Впрочем, не все вокруг было так уж благостно. Однажды утром шел я в столовую и увидел человек двадцать, толпившихся у помойки рядом с кухней. Здесь постоянно копошились серые тени - доходяги из лазарета ждали очередной порции скудных отбросов. На куче лежал, скрючившись, изможденный старик. На груди у него был обрывок тесемки, а окоченевший кулак сжимал засаленный мешочек. Горло было перерезано. Его товарищ по нарам из больничного барака рассказывал, что в мешочке старик прятал три рубля и несколько монеток. Скудная цена человеческой жизни!.. Ведь можно было и у живого отнять его сокровище. Нет, почему-то предпочли резать.
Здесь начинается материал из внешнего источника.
(* Let $F:\mathcal{P}(V,A)\to 2^A\setminus\{\emptyset\}$ be a committee selection rule satisfying SPO and SPP. Let $P$ be a profile, $i$ a voter, $W=F(P)$, $t=\mathrm{best}(P_i,W)$, $b=\mathrm{worst}(P_i,W)$, and suppose $t\neq b$. Let $s\in A$ with $s\neq t,b$ and let $W'=F(P^{i\uparrow s})$. Then (1) $\mathrm{best}(P_i^{\uparrow s},W')\in\{t,s\}$, and (2) $\mathrm{worst}(P_i^{\uparrow s},W')\in\{b,s\}$.
   Context: $V$ is a finite nonempty set of voters, $A$ a finite set of alternatives; a profile $P$ assigns to each voter $i$ a linear order $P_i$ on $A$ (strict part $\succ_i$, weak part $\succeq_i$); $P_i'P_{-i}$ replaces voter $i$'s order by $P_i'$. A committee selection rule maps each profile to a nonempty subset of $A$. $\mathrm{best}(P_i,W)$, $\mathrm{worst}(P_i,W)$ are the $P_i$-best and $P_i$-worst elements of nonempty $W\subseteq A$. SPO: for all $P$, $i$, $P_i'$, $\mathrm{best}(P_i,F(P))\succeq_i\mathrm{best}(P_i,F(P_i'P_{-i}))$; SPP: same with $\mathrm{worst}$. $P_i^{\uparrow s}$ is the linear order obtained from $P_i$ by swapping $s$ with the alternative directly above it, and $P^{i\uparrow s}$ is the profile obtained from $P$ by replacing $P_i$ with $P_i^{\uparrow s}$. *)

From mathcomp Require Import all_boot.
Set Implicit Arguments. Unset Strict Implicit. Unset Printing Implicit Defensive.

(* A linear order on the finite set A of alternatives is represented by the
   duplicate-free sequence of all alternatives, listed from best (head,
   index 0) to worst (last). *)
Definition linord (A : finType) := {s : seq A | perm_eq s (enum A)}.

Definition lo_seq (A : finType) (o : linord A) : seq A := sval o.

Definition succ (A : finType) (o : linord A) (x y : A) : bool :=
  index x (lo_seq o) < index y (lo_seq o).
Definition succeq (A : finType) (o : linord A) (x y : A) : bool :=
  index x (lo_seq o) <= index y (lo_seq o).

Definition profile (V A : finType) := V -> linord A.

Definition replace (V A : finType) (P : profile V A) (i : V) (o : linord A)
  : profile V A := fun j => if j == i then o else P j.

Definition best (A : finType) (o : linord A) (W : {set A}) : option A :=
  ohead [seq x <- lo_seq o | x \in W].
Definition worst (A : finType) (o : linord A) (W : {set A}) : option A :=
  ohead (rev [seq x <- lo_seq o | x \in W]).

Definition SPO (V A : finType) (F : profile V A -> {set A}) : Prop :=
  forall P i o x y, best (P i) (F P) = Some x ->
    best (P i) (F (replace P i o)) = Some y -> succeq (P i) x y.
Definition SPP (V A : finType) (F : profile V A -> {set A}) : Prop :=
  forall P i o x y, worst (P i) (F P) = Some x ->
    worst (P i) (F (replace P i o)) = Some y -> succeq (P i) x y.

(* move x one position up in s (swap it with the item directly above it);
   s is unchanged if x is on top (or absent) *)
Definition swap_up (T : eqType) (s : seq T) (x : T) : seq T :=
  let k := index x s in
  if (0 < k < size s)%N then take k.-1 s ++ x :: nth x s k.-1 :: drop k.+1 s
  else s.

Lemma perm_swap_up (T : eqType) (s : seq T) (x : T) : perm_eq (swap_up s x) s.
Proof.
rewrite /swap_up; case: ifP => // /andP [k0 ks].
set k := index x s.
have Hx : nth x s k = x by rewrite nth_index // -index_mem.
rewrite -{4}(cat_take_drop k.-1 s).
rewrite perm_cat2l.
have -> : drop k.-1 s = nth x s k.-1 :: x :: drop k.+1 s.
  rewrite (drop_nth x); last by rewrite (leq_ltn_trans (leq_pred _)).
  rewrite prednK // (drop_nth x) // Hx //.
by rewrite (perm_catCA [:: x] [:: nth x s k.-1]).
Qed.

Definition up (A : finType) (o : linord A) (x : A) : linord A :=
  exist _ (swap_up (lo_seq o) x) (perm_trans (perm_swap_up _ _) (svalP o)).

Definition prof_up (V A : finType) (P : profile V A) (i : V) (x : A)
  : profile V A := replace P i (up (P i) x).

From mathcomp Require Import all_boot zify.
From Stdlib Require Import FunctionalExtensionality.

(* P and P^{i up s} are unilateral deviations of each other by voter i, so SPO
   applied in both directions brackets the new best alternative t': it is weakly
   above t in P_i^{up s}, and t is weakly above it in P_i.  The swap does not
   change the relative order of two alternatives other than s, so t' <> s forces
   t' = t.  The worst alternative is handled by SPP in the same way, except that
   s itself may be one of the intermediate worst alternatives; those cases are
   excluded because s, moving up by one position, stays above everything it was
   above and overtakes only the alternative directly above it. *)

Set Implicit Arguments. Unset Strict Implicit. Unset Printing Implicit Defensive.

Section SeqIndex.
Variable T : eqType.
Implicit Types (s l : seq T) (p : pred T) (x y w : T).

Lemma index_rev s x : uniq s -> x \in s ->
  index x (rev s) = size s - (index x s).+1.
Proof.
move=> s_uniq xs; have ltx : index x s < size s by rewrite index_mem.
have ltr : size s - (index x s).+1 < size (rev s) by rewrite size_rev; lia.
rewrite -{1}(index_uniq x ltr) ?rev_uniq // nth_rev; last by rewrite size_rev in ltr.
by rewrite (_ : size s - _.+1 = index x s) ?nth_index //; lia.
Qed.

Lemma head_filter_min p s x : ohead (filter p s) = Some x ->
  [/\ x \in s, p x & forall w, w \in s -> p w -> index x s <= index w s].
Proof.
elim: s => //= a s IHs; case: ifP => [pa [<-] | pa /IHs [xs px x_min]].
  by split=> [||w _ _]; rewrite ?inE ?eqxx /=.
have ax : (a == x) = false by apply: contraFF pa => /eqP ->.
split=> [||w]; rewrite ?inE ?xs ?orbT ?ax //.
move=> /orP [/eqP -> | ws] pw; first by rewrite pw in pa.
case: ifP => [/eqP aw | _]; first by rewrite aw pw in pa.
by rewrite ltnS x_min.
Qed.

Lemma head_rev_filter_max p s x : uniq s -> ohead (rev (filter p s)) = Some x ->
  [/\ x \in s, p x & forall w, w \in s -> p w -> index w s <= index x s].
Proof.
move=> s_uniq; rewrite -filter_rev => /head_filter_min [xs px x_min].
rewrite mem_rev in xs; split=> // w ws pw.
have := x_min w; rewrite mem_rev !index_rev // => /(_ ws pw).
by have := index_mem w s; have := index_mem x s; rewrite ws xs; lia.
Qed.

Lemma index_swap_up l x y : x \in l ->
  index y (swap_up l x) =
    if y == x then (index x l).-1
    else if (index y l).+1 == index x l then index x l else index y l.
Proof.
move=> xl; rewrite /swap_up /=; set k := index x l.
have ltk : k < size l by rewrite index_mem.
have [k0 | k_gt0] := posnP k.
  by rewrite k0 /=; case: eqP => // ->; rewrite -/k k0.
rewrite ltk.
set l1 := take k.-1 l; set z := nth x l k.-1; set l2 := drop k.+1 l.
have size_l1 : size l1 = k.-1 by rewrite size_takel //; lia.
have def_l : l = l1 ++ z :: x :: l2.
  have nth_k : nth x l k = x by rewrite nth_index.
  rewrite -{1}(cat_take_drop k.-1 l) (drop_nth x) ?prednK ?(drop_nth x ltk) ?nth_k //.
  by lia.
have x_l1 : x \notin l1 by apply/negP => /index_ltn; rewrite -/k; lia.
rewrite /= [in index y l]def_l !index_cat size_l1.
case: ifP => [y_l1 | _ /=].
  have ltyk : index y l1 < k.-1 by rewrite -size_l1 index_mem.
  by case: eqP => [yx | _]; [rewrite -yx y_l1 in x_l1 | case: eqP => //; lia].
rewrite ![_ == y]eq_sym; case: eqP => [_ | _]; first by lia.
by case: eqP => _; case: eqP => //; lia.
Qed.

End SeqIndex.

Section LinearOrder.
Variable A : finType.
Implicit Types (o : linord A) (W : {set A}) (s x y w : A).

Lemma lo_uniq o : uniq (lo_seq o).
Proof. by rewrite (perm_uniq (svalP o)) enum_uniq. Qed.

Lemma lo_mem o x : x \in lo_seq o.
Proof. by rewrite (perm_mem (svalP o)) mem_enum. Qed.

Lemma lo_index_inj o : injective (index^~ (lo_seq o)).
Proof. by move=> x y; apply: index_inj; rewrite ?lo_mem. Qed.

Lemma succeq_trans o y x w : succeq o x y -> succeq o y w -> succeq o x w.
Proof. exact: leq_trans. Qed.

Lemma succeq_anti o x y : succeq o x y -> succeq o y x -> x = y.
Proof.
by move=> xy yx; apply: (@lo_index_inj o); apply/eqP; rewrite eqn_leq; apply/andP.
Qed.

Lemma succNsucceq o x y : succ o x y = ~~ succeq o y x.
Proof. exact: ltnNge. Qed.

Lemma succeq_neq_succ o x y : x != y -> succeq o x y -> succ o x y.
Proof.
by move=> xy; rewrite /succ ltn_neqAle (inj_eq (@lo_index_inj o)) xy.
Qed.

Lemma best_mem o W x : best o W = Some x -> x \in W.
Proof. by case/head_filter_min. Qed.

Lemma best_succeq o W x w : best o W = Some x -> w \in W -> succeq o x w.
Proof. by case/head_filter_min => _ _ x_min /(x_min w (lo_mem o w)). Qed.

Lemma worst_mem o W x : worst o W = Some x -> x \in W.
Proof. by case/(head_rev_filter_max (lo_uniq o)). Qed.

Lemma worst_succeq o W x w : worst o W = Some x -> w \in W -> succeq o w x.
Proof.
by case/(head_rev_filter_max (lo_uniq o)) => _ _ x_max /(x_max w (lo_mem o w)).
Qed.

Lemma has_lo_seq o W : W != set0 -> has (mem W) (lo_seq o).
Proof. by case/set0Pn => w wW; apply/hasP; exists w; rewrite ?lo_mem. Qed.

Lemma best_exists o W : W != set0 -> exists x, best o W = Some x.
Proof.
by move/(has_lo_seq o); rewrite has_filter /best; case: filter => // x r _; exists x.
Qed.

Lemma worst_exists o W : W != set0 -> exists x, worst o W = Some x.
Proof.
move/(has_lo_seq o); rewrite has_filter /worst.
case: (lastP [seq _ <- _ | _]) => // r x _.
by exists x; rewrite rev_rcons.
Qed.

Lemma index_up o s x : index x (lo_seq (up o s)) =
  if x == s then (index s (lo_seq o)).-1
  else if (index x (lo_seq o)).+1 == index s (lo_seq o) then index s (lo_seq o)
  else index x (lo_seq o).
Proof. exact: index_swap_up (lo_mem o s). Qed.

Lemma succeq_up o s x y : x != s -> y != s -> succeq (up o s) x y = succeq o x y.
Proof.
move=> xs ys; rewrite /succeq !index_up (negbTE xs) (negbTE ys).
rewrite -(inj_eq (@lo_index_inj o)) in xs ys.
by do 2 case: eqP; lia.
Qed.

Lemma succ_up_self o s x : succ o s x -> succ (up o s) s x.
Proof.
rewrite /succ !index_up eqxx; case: eqP => [-> | _]; first by rewrite ltnn.
by case: eqP; lia.
Qed.

Lemma succ_up_far o s x y : succ o x y -> succ o y s -> succ (up o s) x s.
Proof.
rewrite /succ !index_up eqxx; case: eqP => [-> | _]; first lia.
by case: eqP; lia.
Qed.

End LinearOrder.

Section Deviation.
Variables (V A : finType) (F : profile V A -> {set A}).
Implicit Types (P : profile V A) (i : V) (o : linord A) (x y : A).

Lemma replace_at P i o : replace P i o i = o.
Proof. by rewrite /replace eqxx. Qed.

Lemma replaceK P i o : replace (replace P i o) i (P i) = P.
Proof.
by apply: functional_extensionality => j; rewrite /replace; case: eqP => [-> |].
Qed.

Lemma SPO_revert P i o x y : SPO F ->
  best o (F (replace P i o)) = Some x -> best o (F P) = Some y -> succeq o x y.
Proof.
by move=> spo; have := spo (replace P i o) i (P i) x y; rewrite replace_at replaceK.
Qed.

Lemma SPP_revert P i o x y : SPP F ->
  worst o (F (replace P i o)) = Some x -> worst o (F P) = Some y -> succeq o x y.
Proof.
by move=> spp; have := spp (replace P i o) i (P i) x y; rewrite replace_at replaceK.
Qed.

Hypothesis F_neq0 : forall P, F P != set0.
Variables (P : profile V A) (i : V) (s : A).

Local Notation o := (P i).
Local Notation o' := (up (P i) s).
Local Notation W := (F P).
Local Notation W' := (F (prof_up P i s)).

Lemma best_up_mem t : SPO F -> best o W = Some t -> s != t ->
  exists2 t', best o' W' = Some t' & t' \in [:: t; s].
Proof.
move=> spo bt st; have [t' bt'] := best_exists o' (F_neq0 (prof_up P i s)).
exists t' => //; rewrite !inE; apply/contraT; rewrite negb_or => /andP [t't t's].
have ts : t != s by rewrite eq_sym.
have [x bx] := best_exists o' (F_neq0 P).
have [u bu] := best_exists o (F_neq0 (prof_up P i s)).
have t'_above_t : succeq o' t' t.
  exact: succeq_trans (SPO_revert spo bt' bx) (best_succeq bx (best_mem bt)).
have t_above_t' : succeq o t t'.
  exact: succeq_trans (spo P i o' t u bt bu) (best_succeq bu (best_mem bt')).
rewrite succeq_up // in t'_above_t.
by move: t't; rewrite (succeq_anti t'_above_t t_above_t') eqxx.
Qed.

Lemma worst_up_mem b : SPP F -> worst o W = Some b -> s != b ->
  exists2 b', worst o' W' = Some b' & b' \in [:: b; s].
Proof.
move=> spp wb sb; have [b' wb'] := worst_exists o' (F_neq0 (prof_up P i s)).
exists b' => //; rewrite !inE; apply/contraT; rewrite negb_or => /andP [b'b b's].
have bs : b != s by rewrite eq_sym.
have [y wy] := worst_exists o' (F_neq0 P).
have [z wz] := worst_exists o (F_neq0 (prof_up P i s)).
have b'_above_y : succeq o' b' y := SPP_revert spp wb' wy.
have ys : y != s.
  apply: contraTneq (worst_succeq wy (worst_mem wb)) => ys.
  rewrite ys -succNsucceq; apply/succ_up_self/succeq_neq_succ => //.
  by apply: (worst_succeq wb); rewrite -ys (worst_mem wy).
have b'_above_b : succ o b' b.
  apply: succeq_neq_succ b'b _; rewrite succeq_up // in b'_above_y.
  exact: succeq_trans b'_above_y (worst_succeq wb (worst_mem wy)).
have b_above_z : succeq o b z := spp P i o' b z wb wz.
have z_above_b' : succeq o' z b' := worst_succeq wb' (worst_mem wz).
have [zs | zs] := eqVneq z s.
  rewrite zs in b_above_z z_above_b'.
  have := succ_up_far b'_above_b (succeq_neq_succ bs b_above_z).
  by rewrite succNsucceq z_above_b'.
rewrite succeq_up // in z_above_b'.
by move: b'_above_b; rewrite succNsucceq (succeq_trans b_above_z z_above_b').
Qed.

End Deviation.

Theorem lemma7 (V A : finType) (F : profile V A -> {set A})
  (HF : forall P, F P != set0) (Hspo : SPO F) (Hspp : SPP F)
  (P : profile V A) (i : V) (t b s : A) :
  best (P i) (F P) = Some t -> worst (P i) (F P) = Some b -> t != b ->
  s != t -> s != b ->
  (exists2 t', best (up (P i) s) (F (prof_up P i s)) = Some t' & t' \in [:: t; s])
  /\
  (exists2 b', worst (up (P i) s) (F (prof_up P i s)) = Some b' & b' \in [:: b; s]).
Proof.
move=> bt wb _ st sb.
by split; [exact: best_up_mem | exact: worst_up_mem].
Qed.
Крови почти не было, да и откуда она в этой серой сморщенной человеческой шкурке. Из-под неприкрытых бумажных век укоризненно косились бесцветные глаза.

VIII

 

Оказалось, что попал я на комбинат к самому концу ракпасского рая. Прослышали большие начальники в Княж Погосте и выше про красивую жизнь для «фашистов» и, разумеется, взыграли святым гневом:

— Не для того мы этих шкур сажали... Этак еще людьми себя вообразят!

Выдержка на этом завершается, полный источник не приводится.